BEGIN DATA FOR THE TASK

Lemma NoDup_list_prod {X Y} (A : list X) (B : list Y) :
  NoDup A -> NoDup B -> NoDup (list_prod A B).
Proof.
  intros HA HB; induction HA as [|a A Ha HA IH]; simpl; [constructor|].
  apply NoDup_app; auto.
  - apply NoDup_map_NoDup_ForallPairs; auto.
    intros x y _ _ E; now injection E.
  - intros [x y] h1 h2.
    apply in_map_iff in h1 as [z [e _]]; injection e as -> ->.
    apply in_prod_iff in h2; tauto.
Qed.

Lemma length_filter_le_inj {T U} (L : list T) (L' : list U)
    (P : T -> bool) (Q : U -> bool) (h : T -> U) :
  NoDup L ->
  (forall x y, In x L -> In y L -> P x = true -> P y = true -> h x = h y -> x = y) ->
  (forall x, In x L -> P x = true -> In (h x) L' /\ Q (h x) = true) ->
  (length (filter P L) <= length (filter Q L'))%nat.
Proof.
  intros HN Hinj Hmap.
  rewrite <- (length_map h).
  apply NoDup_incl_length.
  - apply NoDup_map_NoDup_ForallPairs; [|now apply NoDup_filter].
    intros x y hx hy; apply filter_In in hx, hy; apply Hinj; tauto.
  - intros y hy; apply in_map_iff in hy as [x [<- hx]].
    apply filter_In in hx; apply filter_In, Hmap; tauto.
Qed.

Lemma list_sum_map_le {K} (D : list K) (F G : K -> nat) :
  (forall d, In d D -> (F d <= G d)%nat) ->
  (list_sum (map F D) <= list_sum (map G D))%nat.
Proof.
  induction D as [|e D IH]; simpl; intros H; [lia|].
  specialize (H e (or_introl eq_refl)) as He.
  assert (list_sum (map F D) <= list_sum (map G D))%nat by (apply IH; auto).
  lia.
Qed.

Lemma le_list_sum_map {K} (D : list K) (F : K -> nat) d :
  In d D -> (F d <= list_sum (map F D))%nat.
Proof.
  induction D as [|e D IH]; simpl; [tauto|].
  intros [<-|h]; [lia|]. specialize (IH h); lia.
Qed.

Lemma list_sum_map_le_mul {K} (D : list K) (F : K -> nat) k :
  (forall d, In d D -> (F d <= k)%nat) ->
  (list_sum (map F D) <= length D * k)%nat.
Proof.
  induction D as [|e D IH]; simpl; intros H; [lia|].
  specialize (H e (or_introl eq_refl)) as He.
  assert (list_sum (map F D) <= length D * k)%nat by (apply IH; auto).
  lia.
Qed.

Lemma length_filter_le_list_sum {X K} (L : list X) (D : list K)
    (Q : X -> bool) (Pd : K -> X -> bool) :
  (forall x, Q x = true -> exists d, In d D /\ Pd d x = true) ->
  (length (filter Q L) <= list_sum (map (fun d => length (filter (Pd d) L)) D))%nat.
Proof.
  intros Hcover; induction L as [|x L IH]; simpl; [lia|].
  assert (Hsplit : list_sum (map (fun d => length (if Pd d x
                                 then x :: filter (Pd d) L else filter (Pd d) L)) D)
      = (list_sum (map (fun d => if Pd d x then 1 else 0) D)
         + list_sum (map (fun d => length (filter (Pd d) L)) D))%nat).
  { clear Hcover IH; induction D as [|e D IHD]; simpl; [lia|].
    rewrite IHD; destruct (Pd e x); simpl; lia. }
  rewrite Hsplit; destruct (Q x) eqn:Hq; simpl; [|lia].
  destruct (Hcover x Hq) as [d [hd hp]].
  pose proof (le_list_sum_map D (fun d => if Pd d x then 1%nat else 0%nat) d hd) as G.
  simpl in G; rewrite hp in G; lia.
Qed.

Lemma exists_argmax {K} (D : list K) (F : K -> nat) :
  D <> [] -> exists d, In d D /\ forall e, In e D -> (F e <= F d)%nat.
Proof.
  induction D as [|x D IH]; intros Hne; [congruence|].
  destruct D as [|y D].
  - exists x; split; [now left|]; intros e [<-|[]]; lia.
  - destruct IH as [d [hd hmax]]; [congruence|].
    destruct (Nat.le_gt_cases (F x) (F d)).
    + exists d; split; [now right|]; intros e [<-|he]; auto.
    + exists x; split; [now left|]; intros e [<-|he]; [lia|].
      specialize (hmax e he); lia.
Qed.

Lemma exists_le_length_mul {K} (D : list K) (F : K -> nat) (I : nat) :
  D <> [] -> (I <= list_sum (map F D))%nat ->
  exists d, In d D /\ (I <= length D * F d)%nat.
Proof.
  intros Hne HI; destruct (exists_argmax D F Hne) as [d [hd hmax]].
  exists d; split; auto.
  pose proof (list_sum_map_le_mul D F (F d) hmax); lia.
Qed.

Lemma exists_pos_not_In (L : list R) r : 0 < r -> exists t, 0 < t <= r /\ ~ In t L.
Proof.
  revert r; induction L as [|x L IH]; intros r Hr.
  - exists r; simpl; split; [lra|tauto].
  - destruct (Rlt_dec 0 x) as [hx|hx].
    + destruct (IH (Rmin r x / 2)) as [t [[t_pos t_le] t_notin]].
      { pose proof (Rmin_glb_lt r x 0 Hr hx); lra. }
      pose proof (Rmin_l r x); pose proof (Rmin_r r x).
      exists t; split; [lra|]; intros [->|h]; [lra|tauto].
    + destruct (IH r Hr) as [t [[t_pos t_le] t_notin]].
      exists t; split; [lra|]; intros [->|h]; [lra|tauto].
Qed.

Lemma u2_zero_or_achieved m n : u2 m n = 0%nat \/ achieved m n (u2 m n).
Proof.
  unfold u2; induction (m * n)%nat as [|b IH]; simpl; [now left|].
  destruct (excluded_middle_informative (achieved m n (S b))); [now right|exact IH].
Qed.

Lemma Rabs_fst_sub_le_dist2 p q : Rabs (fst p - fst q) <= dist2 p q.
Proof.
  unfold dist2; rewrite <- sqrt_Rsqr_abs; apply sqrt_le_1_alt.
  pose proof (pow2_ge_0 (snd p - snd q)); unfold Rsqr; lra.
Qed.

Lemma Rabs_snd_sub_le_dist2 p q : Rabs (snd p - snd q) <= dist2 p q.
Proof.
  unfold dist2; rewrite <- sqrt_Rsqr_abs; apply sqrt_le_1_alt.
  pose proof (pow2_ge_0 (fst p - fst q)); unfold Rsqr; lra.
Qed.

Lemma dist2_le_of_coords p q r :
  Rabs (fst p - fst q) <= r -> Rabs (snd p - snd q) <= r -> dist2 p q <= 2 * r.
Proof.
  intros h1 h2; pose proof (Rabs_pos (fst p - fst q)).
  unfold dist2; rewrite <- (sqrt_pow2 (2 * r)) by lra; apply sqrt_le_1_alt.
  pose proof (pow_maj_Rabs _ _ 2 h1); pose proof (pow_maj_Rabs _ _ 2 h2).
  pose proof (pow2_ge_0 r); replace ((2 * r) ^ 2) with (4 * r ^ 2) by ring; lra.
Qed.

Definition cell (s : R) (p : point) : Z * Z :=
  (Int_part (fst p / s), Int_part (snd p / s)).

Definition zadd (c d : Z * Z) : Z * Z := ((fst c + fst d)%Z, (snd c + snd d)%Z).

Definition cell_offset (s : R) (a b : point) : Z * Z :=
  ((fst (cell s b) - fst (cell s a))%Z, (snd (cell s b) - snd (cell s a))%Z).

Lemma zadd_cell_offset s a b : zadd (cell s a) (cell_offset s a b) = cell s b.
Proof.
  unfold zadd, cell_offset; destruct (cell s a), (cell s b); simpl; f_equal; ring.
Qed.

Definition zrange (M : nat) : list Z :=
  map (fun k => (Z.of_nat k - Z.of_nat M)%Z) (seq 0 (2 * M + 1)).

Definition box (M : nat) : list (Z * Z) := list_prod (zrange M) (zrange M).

END DATA FOR THE TASK
BEGIN DATA FOR THE TASK

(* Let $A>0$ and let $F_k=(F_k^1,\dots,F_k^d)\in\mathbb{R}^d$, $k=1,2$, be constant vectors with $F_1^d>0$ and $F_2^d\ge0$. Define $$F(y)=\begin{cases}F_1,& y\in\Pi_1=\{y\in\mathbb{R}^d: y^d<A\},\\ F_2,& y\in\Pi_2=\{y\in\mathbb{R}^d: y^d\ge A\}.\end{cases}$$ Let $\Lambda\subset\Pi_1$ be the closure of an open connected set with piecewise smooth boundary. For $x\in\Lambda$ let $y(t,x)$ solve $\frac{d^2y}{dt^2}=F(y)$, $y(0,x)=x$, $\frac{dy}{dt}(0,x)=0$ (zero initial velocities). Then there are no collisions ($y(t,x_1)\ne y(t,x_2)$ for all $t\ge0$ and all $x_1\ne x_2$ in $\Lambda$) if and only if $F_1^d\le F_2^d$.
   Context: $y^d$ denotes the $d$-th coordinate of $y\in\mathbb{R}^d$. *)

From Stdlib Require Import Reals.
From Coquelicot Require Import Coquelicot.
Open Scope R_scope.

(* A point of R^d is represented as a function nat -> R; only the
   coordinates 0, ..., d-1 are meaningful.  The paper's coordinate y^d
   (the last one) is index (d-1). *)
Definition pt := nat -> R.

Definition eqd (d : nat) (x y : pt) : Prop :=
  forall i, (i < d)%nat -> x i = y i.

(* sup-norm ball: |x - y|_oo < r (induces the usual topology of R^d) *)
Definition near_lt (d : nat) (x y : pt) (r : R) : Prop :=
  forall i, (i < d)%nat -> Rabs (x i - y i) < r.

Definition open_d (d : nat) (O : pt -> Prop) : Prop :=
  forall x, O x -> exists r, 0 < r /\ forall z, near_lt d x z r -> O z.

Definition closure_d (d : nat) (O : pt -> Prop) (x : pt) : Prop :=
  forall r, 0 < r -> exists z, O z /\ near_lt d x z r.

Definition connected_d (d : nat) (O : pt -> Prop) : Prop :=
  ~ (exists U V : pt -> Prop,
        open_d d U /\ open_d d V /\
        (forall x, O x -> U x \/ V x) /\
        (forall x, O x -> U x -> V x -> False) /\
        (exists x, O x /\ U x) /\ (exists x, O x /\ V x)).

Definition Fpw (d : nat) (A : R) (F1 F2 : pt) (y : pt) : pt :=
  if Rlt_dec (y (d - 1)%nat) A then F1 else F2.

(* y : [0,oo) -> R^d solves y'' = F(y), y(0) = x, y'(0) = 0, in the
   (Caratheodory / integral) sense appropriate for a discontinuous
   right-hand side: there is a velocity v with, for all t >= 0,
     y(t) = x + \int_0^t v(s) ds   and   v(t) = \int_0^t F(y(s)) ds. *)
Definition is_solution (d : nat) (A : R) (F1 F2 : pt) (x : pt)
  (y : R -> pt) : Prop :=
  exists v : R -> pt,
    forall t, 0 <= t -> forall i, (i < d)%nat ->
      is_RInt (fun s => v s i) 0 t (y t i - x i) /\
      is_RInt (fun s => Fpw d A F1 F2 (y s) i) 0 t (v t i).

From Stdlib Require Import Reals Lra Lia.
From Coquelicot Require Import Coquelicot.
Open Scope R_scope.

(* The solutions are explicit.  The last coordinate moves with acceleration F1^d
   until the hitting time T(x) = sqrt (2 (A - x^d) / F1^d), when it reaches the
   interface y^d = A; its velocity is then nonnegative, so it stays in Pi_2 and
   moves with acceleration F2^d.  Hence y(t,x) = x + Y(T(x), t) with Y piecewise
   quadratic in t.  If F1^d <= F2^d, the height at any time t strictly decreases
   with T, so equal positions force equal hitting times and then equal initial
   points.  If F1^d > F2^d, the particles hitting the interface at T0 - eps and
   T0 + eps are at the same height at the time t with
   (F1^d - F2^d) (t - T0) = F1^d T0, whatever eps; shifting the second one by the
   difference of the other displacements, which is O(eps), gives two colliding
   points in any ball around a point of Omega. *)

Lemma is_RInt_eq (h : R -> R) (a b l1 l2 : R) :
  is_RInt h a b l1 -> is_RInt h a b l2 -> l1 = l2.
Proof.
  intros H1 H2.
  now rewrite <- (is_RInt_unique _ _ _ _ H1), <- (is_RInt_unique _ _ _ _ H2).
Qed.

END DATA FOR THE TASK

* _ABOUT THIS TASK_: The reply is a bare number, the count of lines in these entries that hold the word "rewrite".

* _RESULT BELOW_: 8